А помог Ерёме определиться с золотом случай. В конце лета подошло к Охотску японское торговое судно. От него отчалила тяжело гружёная лодка, а когда она пристала к берегу, из неё ловко выпрыгнул коротконогий, с бритой головой и большим брюхом японец. «Дратуй, капитана!» — приветствовал он встречавшую его толпу и, прижав руку к сердцу, стал всем кланяться. Два его помощника, у каждого из которых за поясом торчали похожие на турецкий ятаган большие кинжалы, стали разгружать лодку. Началась торговля. Со стороны якутов и эвенков шла пушнина, а с японской — мука, соль, табак, чай, и всё, чем в тайге рубят и пилят лес, из чего стреляют и в чём варят оленину и кипятят чай. Японца звали Накамурой, а он всех, кто брал у него товар, хлопая по плечу и ласково улыбаясь, называл «капитаной». «А что, если не они сюда, — подумал Ерёма об эвенках и якутах, — а я в тайгу со всем этим добром!» От этой мысли Ерёму вздёрнуло, как застоявшегося в упряжке молодого жеребца от удара хлыста своего хозяина. Он понял: зимой, когда никаких здесь японцев не будет, цены на товар, да ещё с доставкой в тайгу, определять будет только он и так, как это ему надо. Не откладывая дело в долгий ящик, он на своё золото взял с японского судна всё, что считал нужным. С Накамурой на этом судне, расставаясь, они выпили по чашечке сакэ и остались друг другом довольны. Видимо, считая, что на русском языке «дратуй» — не только «здравствуй», но и «всего хорошего», когда Ерёма отплывал от судна, Накамура кричал ему с палубы: «Капитана, дратуй!»

И до наступления зимы Ерёма не терял времени даром. Сговорившись с кузнецом, он из каждой двуручной пилы, разрезав их пополам, сделал две одноручных. Тунгусы домов не строят, понимал он, а на всё остальное и эти пойдут. Цены же на них решил он оставить как на двуручные. В табак, исходя уже из своего опыта, он подмешал корьё, спирт, который в тайге ценится выше золота, разбавил водой, а чайники он решил продавать без крышек, а потом, на втором заходе, продавать и их по новой цене.

Весть о том, что в тайге появился купец со своим товаром, быстро облетела всё побережье Охотского или, как называли его эвенки.
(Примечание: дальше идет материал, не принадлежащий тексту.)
(* Let $N\ge 1$, $i\in\langle N\rangle$ and let $u$ be a word over $\langle N\rangle$ with $|u|\ge 2$. Then the antipode $S_{\mathcal L}$ of the left Lagrange Hopf algebra $\mathcal L^N$ satisfies \[ S_{\mathcal L}(Y_u^i)=\sum_{T\in \mathbf{RT}_u^i}(-1)^{\mathbf v(T)}\,\Lambda_{\downarrow\ell}(T). \]
   Context: Let $\langle N\rangle=\{1,\dots,N\}$. For a word $u=u(1)\cdots u(p)$ over $\langle N\rangle$ write $|u|=p$. The interval partition Hopf algebra $\mathcal H=\mathcal H^N$ is, as an algebra, the free unital associative complex algebra on generators $Y_u^i$ ($i\in\langle N\rangle$, $|u|\ge 2$); one sets $Y_j^i=\delta_{ij}1$ for single letters $i,j$. Its counit $\varepsilon$ is the algebra homomorphism with $\varepsilon(Y_u^i)=0$, and its comultiplication is the algebra homomorphism $\Delta:\mathcal H\to\mathcal H\otimes\mathcal H$ with $\Delta(Y_u^i)=\sum_{q=1}^{p}\sum_{(C_1,\dots,C_q)}\sum_{v\in\langle N\rangle^q} Y_{u|C_1}^{v(1)}\cdots Y_{u|C_q}^{v(q)}\otimes Y_v^i$, where $p=|u|$, the middle sum is over all partitions of $\{1,\dots,p\}$ into $q$ nonempty consecutive intervals $C_1<\dots<C_q$, and $u|C_k$ is the subword of $u$ indexed by $C_k$. This is a connected graded bialgebra and has an invertible antipode $S_{\mathcal H}$. The left Lagrange Hopf algebra $\mathcal L^N$ is $\mathcal H$ with the same multiplication and counit, the opposite comultiplication $\Delta^{op}=\tau\circ\Delta$ ($\tau$ the flip), and antipode $S_{\mathcal L}=S_{\mathcal H}^{-1}$. Trees: a colored planar tree is a finite rooted tree in which the children of each vertex are linearly ordered (left to right) and each vertex $x$ has a color $c(x)\in\langle N\rangle$; trees are taken up to isomorphism preserving root, child orders and colors. A leaf is a vertex with no children. A tree is reduced if every non-leaf vertex has at least two children. $\mathbf{RT}_u^i$ is the set of reduced colored planar trees whose root has color $i$ and whose leaves, read from left to right, have colors $u(1),\dots,u(p)$. For a non-leaf vertex $x$ with children $y_1<\dots<y_k$ put $Y(x)=Y^{c(x)}_{c(y_1)\cdots c(y_k)}\in\mathcal H$. $\mathbf v(T)$ is the number of non-leaf vertices of $T$. $\Lambda_{\downarrow\ell}(T)=Y(x_1)\cdots Y(x_r)$ where $x_1,\dots,x_r$ are the non-leaf vertices of $T$ listed in preorder with children visited from right to left (the root first; after a vertex, the subtrees of its children are traversed from the rightmost child to the leftmost child). (In the paper this is the descending left depth-first order.) *)

From HB Require Import structures.
From mathcomp Require Import all_boot all_order all_algebra.
From mathcomp Require Import reals.
From mathcomp Require Import complex.
From Stdlib Require List.

Set Implicit Arguments.
Unset Strict Implicit.
Unset Printing Implicit Defensive.
Import GRing.Theory Num.Theory.
Local Open Scope ring_scope.

Section IntervalPartitionHopf.
Variable N : nat.
Variable K : comPzRingType.

(* Generators Y_u^i with i a color and u a word of length >= 2.
   Colors <N> = {1..N} are represented by 'I_N. *)
Definition gen := {x : 'I_N * seq 'I_N | (1 < size x.2)%N}.

Definition monomial := seq gen.

(* Elements of H are represented by their coefficient functions on monomials
   (only finitely supported ones are genuine elements, but the product below is
   well defined for all coefficient functions, since a word has finitely many
   factorizations). *)
Definition Hel := monomial -> K.

Definition Hone : Hel := fun w => (w == [::])%:R.
Definition Hmono (m : monomial) : Hel := fun w => (w == m)%:R.
Definition Hmul (f g : Hel) : Hel :=
  fun w => \sum_(k < (size w).+1) f (take k w) * g (drop k w).

Definition ET := seq (K * monomial).
Definition ETval (l : ET) : Hel := fun w => \sum_(x <- l) x.1 * (x.2 == w)%:R.
Definition ETmul (a b : ET) : ET := [seq (x.1 * y.1, x.2 ++ y.2) | x <- a, y <- b].
Definition ETprod (l : seq ET) : ET := foldr ETmul [:: (1, [::])] l.

(* Y_u^i as an element of H: the generator if |u| >= 2, delta_{ij} 1 if u = j
   is a single letter (and 0 for the empty word, which never occurs). *)
Definition Yterms (i : 'I_N) (u : seq 'I_N) : ET :=
  match insub (i, u) : option gen with
  | Some g => [:: (1, [:: g])]
  | None => if u == [:: i] then [:: (1, [::])] else [::]
  end.

(* All partitions of the positions of u into nonempty consecutive intervals
   C_1 < ... < C_q, given by the list of subwords [u|C_1; ...; u|C_q]. *)
Fixpoint interval_partitions (T : Type) (u : seq T) : seq (seq (seq T)) :=
  match u with
  | [::] => [:: [::]]
  | x :: u' =>
      flatten [seq match bs with
                   | [::] => [:: [:: [:: x]]]
                   | b :: bs' => [:: [:: x] :: b :: bs'; (x :: b) :: bs']
                   end | bs <- interval_partitions u']
  end.

Definition TT := seq (K * monomial * monomial).
Definition TTmul (s t : TT) : TT :=
  [seq (x.1.1 * y.1.1, x.1.2 ++ y.1.2, x.2 ++ y.2) | x <- s, y <- t].

(* Delta(Y_u^i) = sum_q sum_{(C_1..C_q)} sum_{v in <N>^q}
                  Y_{u|C_1}^{v(1)} ... Y_{u|C_q}^{v(q)} (x) Y_v^i *)
Definition Delta_gen (g : gen) : TT :=
  let i := (val g).1 in let u := (val g).2 in
  flatten [seq
    flatten [seq [seq (x.1 * y.1, x.2, y.2)
                 | x <- ETprod [seq Yterms p.1 p.2 | p <- zip (val v) bs],
                   y <- Yterms i (val v)]
            | v : (size bs).-tuple 'I_N]
  | bs <- interval_partitions u].

Definition Delta (m : monomial) : TT := foldr TTmul [:: (1, [::], [::])] (map Delta_gen m).

Definition eps (m : monomial) : K := (m == [::])%:R.

(* S (given on the monomial basis, extended linearly) is an antipode of the left
   Lagrange Hopf algebra L^N = (H, m, Delta^op, eps): for every monomial m with
   Delta(m) = sum c a (x) b, i.e. Delta^op(m) = sum c b (x) a,
     sum c S(b) a = eps(m) 1 = sum c b S(a). *)
Definition is_antipode_L (S : monomial -> Hel) : Prop :=
  forall m w,
    \sum_(t <- Delta m) t.1.1 * Hmul (S t.2) (Hmono t.1.2) w = eps m * Hone w /\
    \sum_(t <- Delta m) t.1.1 * Hmul (Hmono t.2) (S t.1.2) w = eps m * Hone w.

(* Colored planar rooted trees: a vertex of color c with an ordered list of
   children. Leibniz equality of terms is isomorphism of colored planar trees. *)
Inductive tree := Node of 'I_N & seq tree.

Definition root_color (t : tree) : 'I_N := let: Node c _ := t in c.

Fixpoint leaves (t : tree) : seq 'I_N :=
  match t with
  | Node c [::] => [:: c]
  | Node _ ts => flatten (map leaves ts)
  end.

Fixpoint reduced (t : tree) : bool :=
  match t with
  | Node _ ts => ((nilp ts) || (1 < size ts)%N) && all reduced ts
  end.

Fixpoint nvert (t : tree) : nat :=
  match t with
  | Node _ [::] => 0
  | Node _ ts => (sumn (map nvert ts)).+1
  end.

(* Lambda_{down l}(T) = Y(x_1) ... Y(x_r), x_1..x_r the non-leaf vertices in
   preorder, root first, children subtrees traversed from right to left. *)
Fixpoint Lambda (t : tree) : ET :=
  match t with
  | Node _ [::] => [:: (1, [::])]
  | Node c ts => ETmul (Yterms c (map root_color ts)) (ETprod (rev (map Lambda ts)))
  end.

Definition inRT (i : 'I_N) (u : seq 'I_N) (t : tree) : Prop :=
  reduced t /\ root_color t = i /\ leaves t = u.

End IntervalPartitionHopf.

(* The second antipode identity of L^N, sum Y_(2) S(Y_(1)) = eps(Y), determines S
   on monomials: the only term of Delta(m) with right factor 1 is m (x) 1, and all the
   other terms have a left factor of smaller weight sum (|u| - 1).  It therefore suffices
   to exhibit one solution.  Let G(c, u) be the signed tree sum of the statement.
   Removing the root of a tree of RT_u^c, |u| >= 2, leaves subtrees T_1, ..., T_q with
   q >= 2, whose leaf words form an interval partition of u and whose root colours form
   a word v; as Lambda(T) = Y_v^c Lambda(T_q) ... Lambda(T_1), this gives
     G(c, u) = - sum_(q >= 2) sum_(C_1 < ... < C_q) sum_v
                   Y_v^c G(v(q), u|C_q) ... G(v(1), u|C_1),
   which is precisely the antipode identity on Y_u^c for the anti-multiplicative map
   sending Y_u^c to G(c, u).  Anti-multiplicativity carries the identity over from the
   generators to all monomials. *)

From HB Require Import structures.
From mathcomp Require Import all_boot all_order all_algebra.
From mathcomp Require Import boolp reals complex.
From Stdlib Require List.
Import GRing.Theory Num.Theory.

Set Implicit Arguments.
Unset Strict Implicit.
Unset Printing Implicit Defensive.

Lemma uniq_flatten_map_key (A B C : eqType) (s : seq A) (F : A -> seq B)
    (h : A -> C) (key : B -> C) :
  uniq (map h s) -> {in s, forall a, uniq (F a)} ->
  {in s, forall a, {in F a, forall z, key z = h a}} ->
  uniq (flatten (map F s)).
Proof.
elim: s => [|a s IHs] //= /andP [h_a_notin uniq_hs] uniqF keyF.
rewrite cat_uniq uniqF ?mem_head //= IHs //; last 2 first.
- by move=> a' a's; apply: uniqF; rewrite inE a's orbT.
- by move=> a' a's; apply: keyF; rewrite inE a's orbT.
rewrite andbT; apply/hasPn => z /flatten_mapP [a' a's zFa']; apply/negP => zFa.
move: h_a_notin; rewrite -(keyF a _ z zFa) ?mem_head //.
by rewrite (keyF a' _ z zFa') ?map_f // inE a's orbT.
Qed.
Дамского моря вплоть до Алдана и верховьев Колымы и Индигирки. Базу нового промысла Ерёма определил в своём зимовье, имея в виду, что в свободное время он будет промышлять и золотом. В помощники он взял почти за так недалёкого ума и уже совсем было затурканного колымской жизнью белоруса Янку. В рваном армяке, худой, с конопатым, в небольшое блюдечко лицом, он был похож на подростка, убежавшего из дома. «А де вянтовка?» — сразу потребовал он у Ерёмы. Получив её, Янка шмыгнул носом, подтянулся и стал делать вид, что в оружии он толк знает. Внимательно осмотрел затвор, проверил винтовку на прицельность, а заглянув в ствол, с укоризной посмотрел на Ерёму и солидно сказал: «Нэ порадок». И взялся ствол чистить. «А де нож?» — закончив чистку ствола, спросил он. Нож ему Ерёма дал, и он его сразу нацепил на пояс и не расставался с ним, даже когда спал. Похоже, кроме винтовки и ножа Янке от Ерёмы ничего было не нужно. «Такого придурка мне и надо», — решил Ерёма.
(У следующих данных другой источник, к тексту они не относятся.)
Lemma chorded_cycle_rot_chord (T : finType) (e : rel T) (c : seq T) x0 :
  irreflexive e -> chorded_cycle e c ->
  exists n d, 1 < d < (size c).-1 /\ e (nth x0 (rot n c) 0) (nth x0 (rot n c) d).
Proof.
move=> irr /andP [/and3P [uc c_gt2 _] /existsP [x /existsP [y /and5P [xc yc exy y_nx x_ny]]]].
case: (rot_to xc) => n s rot_c; exists n, (index y (x :: s)); rewrite rot_c.
have us : uniq (x :: s) by rewrite -rot_c rot_uniq.
have size_s : size (x :: s) = size c by rewrite -rot_c size_rot.
have ys : y \in x :: s by rewrite -rot_c mem_rot.
have next_s z : next c z = next (x :: s) z by rewrite -rot_c next_rot.
set d := index y (x :: s); have nth_d : nth x0 (x :: s) d = y := nth_index x0 ys.
have d_lt : d < size c by rewrite -size_s index_mem.
have d0 : d != 0 by apply: contraTneq exy => d0; rewrite -nth_d d0 irr.
have d1 : d != 1.
  apply: contra y_nx => /eqP d1; rewrite next_s -[x]/(nth x0 (x :: s) 0).
  by rewrite next_nth_uniq ?size_s ?modn_small -?d1 ?nth_d //; lia.
have d_last : d != (size c).-1.
  apply: contra x_ny => /eqP d_last; rewrite next_s -nth_d next_nth_uniq ?size_s //.
  by rewrite d_last prednK ?modnn //; lia.
by rewrite nth_d; split => //; lia.
Qed.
К зимовью из толстого леса Ерёма пристроил склад и посадил у него на цепь взятую в Охотске похожую на волка бродячую собаку. Чтобы собака меньше спала, он держал её впроголодь, а когда кормил, травил её палкой. От этого, считал он, она будет злее. Назвал он собаку Алданом. Главная обязанность Янки, как и Алдана, заключалась в охране Ерёминого товара, когда сам Ерёма разъезжал по тунгусам. Заниматься торговлей Янке он не доверял и поэтому, собираясь в очередной отъезд, всякий раз наказывал: «Никого не пускать! Кто полезет — стреляй!» Янке такой наказ нравился. Он подтягивался, поправлял на поясе нож и говорил: «У мянэ воны нэ зрадуются».
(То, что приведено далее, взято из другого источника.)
(* Let $S$ be the Phillips symmetric operator in $\mathfrak{H}$, let $Q:\mathfrak{N}_i\to\mathfrak{N}_{-i}$ be an arbitrary unitary mapping and let $\Gamma_0,\Gamma_1$ be the associated boundary operators. Then the characteristic function $\Theta(\cdot)$ of $S$ associated with $(\mathfrak{N}_{-i},\Gamma_0,\Gamma_1)$ is identically zero: $\Theta(\mu)=0$ for all $\mu$ with $\operatorname{Im}\mu>0$.
   Context: Phillips symmetric operator: let $U$ be a unitary operator in a Hilbert space $\mathfrak{H}$ which is a bilateral shift with a finite-dimensional wandering subspace $W_0$, i.e. the subspaces $U^nW_0$, $n\in\mathbb{Z}$, are mutually orthogonal and their orthogonal sum is $\mathfrak{H}$. Let $V=U\upharpoonright(\mathfrak{H}\ominus W_0)$ and $S=i(V+I)(V-I)^{-1}$ with $\mathcal{D}(S)=\mathcal{R}(V-I)$; $S$ is a closed densely defined simple symmetric operator with deficiency indices $\langle\dim W_0,\dim W_0\rangle$. Defect subspaces: $\mathfrak{N}_\mu=\mathfrak{H}\ominus\mathcal{R}(S-\mu I)=\ker(S^*-\overline{\mu}I)$; in particular $\mathfrak{N}_{\pm i}$. Every $\psi\in\mathcal{D}(S^* )$ decomposes uniquely as $\psi=u+f_{-i}+f_i$, $u\in\mathcal{D}(S)$, $f_{\pm i}\in\mathfrak{N}_{\pm i}$; for a unitary $Q:\mathfrak{N}_i\to\mathfrak{N}_{-i}$ set $\Gamma_0\psi=f_{-i}+Qf_i$, $\Gamma_1\psi=if_{-i}-iQf_i$. The characteristic function is the operator function on $\mathfrak{N}_{-i}$ defined for $\operatorname{Im}\mu>0$ by $\Theta(\mu)(\Gamma_1+i\Gamma_0)f=(\Gamma_1-i\Gamma_0)f$ for all $f\in\mathfrak{N}_{\overline{\mu}}$. *)

From mathcomp Require Import all_boot all_algebra.
From mathcomp Require Import reals.
From mathcomp.real_closed Require Export complex.
Set Implicit Arguments.
Unset Strict Implicit.
Unset Printing Implicit Defensive.
Import GRing.Theory Num.Theory.
Local Open Scope ring_scope.
Local Open Scope complex_scope.

Section Hilbert.
Variable R : realType.
Local Notation C := R[i].
Variable H : lmodType C.
(* inner product, linear in the first and conjugate-linear in the second argument *)
Variable ip : H -> H -> C.

Definition is_inner_product : Prop :=
  [/\ (forall (a : C) (x y z : H), ip (a *: x + y) z = a * ip x z + ip y z),
      (forall x y : H, ip y x = (ip x y)^*),
      (forall x : H, 0 <= ip x x) &
      (forall x : H, ip x x = 0 -> x = 0)].

Definition hnorm (x : H) : C := sqrtC (ip x x).

Definition cauchy_seq (u : nat -> H) : Prop :=
  forall e : C, 0 < e -> exists N : nat,
    forall m n : nat, (N <= m)%N -> (N <= n)%N -> hnorm (u m - u n) < e.

Definition converges_to (u : nat -> H) (l : H) : Prop :=
  forall e : C, 0 < e -> exists N : nat, forall n : nat, (N <= n)%N -> hnorm (u n - l) < e.

Definition complete_space : Prop :=
  forall u : nat -> H, cauchy_seq u -> exists l : H, converges_to u l.

Definition hilbert_space : Prop := is_inner_product /\ complete_space.

Definition orth_compl (A : H -> Prop) (x : H) : Prop := forall y, A y -> ip y x = 0.

Definition subspace (A : H -> Prop) : Prop :=
  A 0 /\ forall (a : C) (x y : H), A x -> A y -> A (a *: x + y).

Definition finite_dim (A : H -> Prop) : Prop :=
  exists s : seq H, forall x, A x <-> exists c : 'I_(size s) -> C, x = \sum_(k < size s) c k *: s`_k.

Definition unitary (U : H -> H) : Prop :=
  [/\ (forall (a : C) (x y : H), U (a *: x + y) = a *: U x + U y),
      (forall x y : H, ip (U x) (U y) = ip x y) &
      (forall y : H, exists x, U x = y)].

(* U^n W0 for n : int (U is bijective, so U^{-k} W0 = preimage of W0 under U^k) *)
Definition shift_img (U : H -> H) (n : int) (W : H -> Prop) (x : H) : Prop :=
  match n with
  | Posz k => exists w, W w /\ x = iter k U w
  | Negz k => W (iter k.+1 U x)
  end.

Definition wandering (U : H -> H) (W : H -> Prop) : Prop :=
  forall m n : int, m <> n -> forall x y, shift_img U m W x -> shift_img U n W y -> ip x y = 0.

(* the orthogonal sum of the U^n W is H: finite sums of elements of the U^n W are dense *)
Definition orth_sum_whole (U : H -> H) (W : H -> Prop) : Prop :=
  forall (x : H) (e : C), 0 < e -> exists s : seq (int * H),
    (forall p, p \in s -> shift_img U p.1 W p.2) /\ hnorm (x - \sum_(p <- s) p.2) < e.

Definition bilateral_shift (U : H -> H) (W0 : H -> Prop) : Prop :=
  [/\ unitary U, subspace W0, finite_dim W0, wandering U W0 & orth_sum_whole U W0].

(* Phillips operator: V = U restricted to H (-) W0, S = i (V + I)(V - I)^{-1},
   D(S) = R(V - I).  Its graph: { (Vx - x, i(Vx + x)) | x in H (-) W0 }. *)
Definition domS (U : H -> H) (W0 : H -> Prop) (u : H) : Prop :=
  exists x, orth_compl W0 x /\ u = U x - x.

Definition graphS (U : H -> H) (W0 : H -> Prop) (u v : H) : Prop :=
  exists x, orth_compl W0 x /\ u = U x - x /\ v = 'i *: (U x + x).

(* defect subspace N_l = H (-) R(S - l I) *)
Definition defect (U : H -> H) (W0 : H -> Prop) (l : C) (f : H) : Prop :=
  forall u v, graphS U W0 u v -> ip (v - l *: u) f = 0.

Definition unitary_between (A B : H -> Prop) (Q : H -> H) : Prop :=
  [/\ (forall f, A f -> B (Q f)),
      (forall g, B g -> exists f, A f /\ Q f = g),
      (forall f g, A f -> A g -> ip (Q f) (Q g) = ip f g) &
      (forall (a : C) f g, A f -> A g -> Q (a *: f + g) = a *: Q f + Q g)].

(* psi = u + f_{-i} + f_i with u in D(S), f_{-i} in N_{-i}, f_i in N_i
   (this decomposition of psi in D(S-star) is unique), and
   g0 = Gamma0 psi = f_{-i} + Q f_i,  g1 = Gamma1 psi = i f_{-i} - i Q f_i *)
Definition boundary_values (U : H -> H) (W0 : H -> Prop) (Q : H -> H)
    (psi g0 g1 : H) : Prop :=
  exists u fm fp,
    [/\ domS U W0 u, defect U W0 (- 'i) fm, defect U W0 'i fp &
        psi = u + fm + fp] /\
    g0 = fm + Q fp /\ g1 = 'i *: fm - 'i *: Q fp.

(* Theta satisfies the defining relation of the characteristic function at mu:
   Theta (Gamma1 + i Gamma0) f = (Gamma1 - i Gamma0) f for all f in N_{conj mu} *)
Definition char_fun_rel (U : H -> H) (W0 : H -> Prop) (Q : H -> H) (mu : C)
    (Theta : H -> H) : Prop :=
  forall f, defect U W0 mu^* f -> forall g0 g1, boundary_values U W0 Q f g0 g1 ->
    Theta (g1 + 'i *: g0) = g1 - 'i *: g0.

End Hilbert.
Чем больше у Ерёмы ломился склад от пушнины, тем жаднее становился он. За одноручные пилы он брал уже двойную цену, а за каждую крышку к ранее проданному чайнику при повторном объезде меньше беличьей шкурки не брал. Взялся он за хорошую плату и крестить тунгусов. Опыта в этом он набрался у отца Сысоя, у него же перед отъездом выпросил ризу и крест. Склонил он на свою сторону даже и тех, кто верил шаманам. По его выходило, что дух, с которым общаются шаманы при камлании, и на самом деле является святым, но ходит он под христианским Богом вместе с его сыном Иисусом Христом. И поэтому-то Ерёма крестит их не просто так, а во имя Отца-Бога, его сына Иисуса Христа и ихнего святого духа. Тунгусы в это верили, а про Ерёму говорили: «У-у, бачка умный!»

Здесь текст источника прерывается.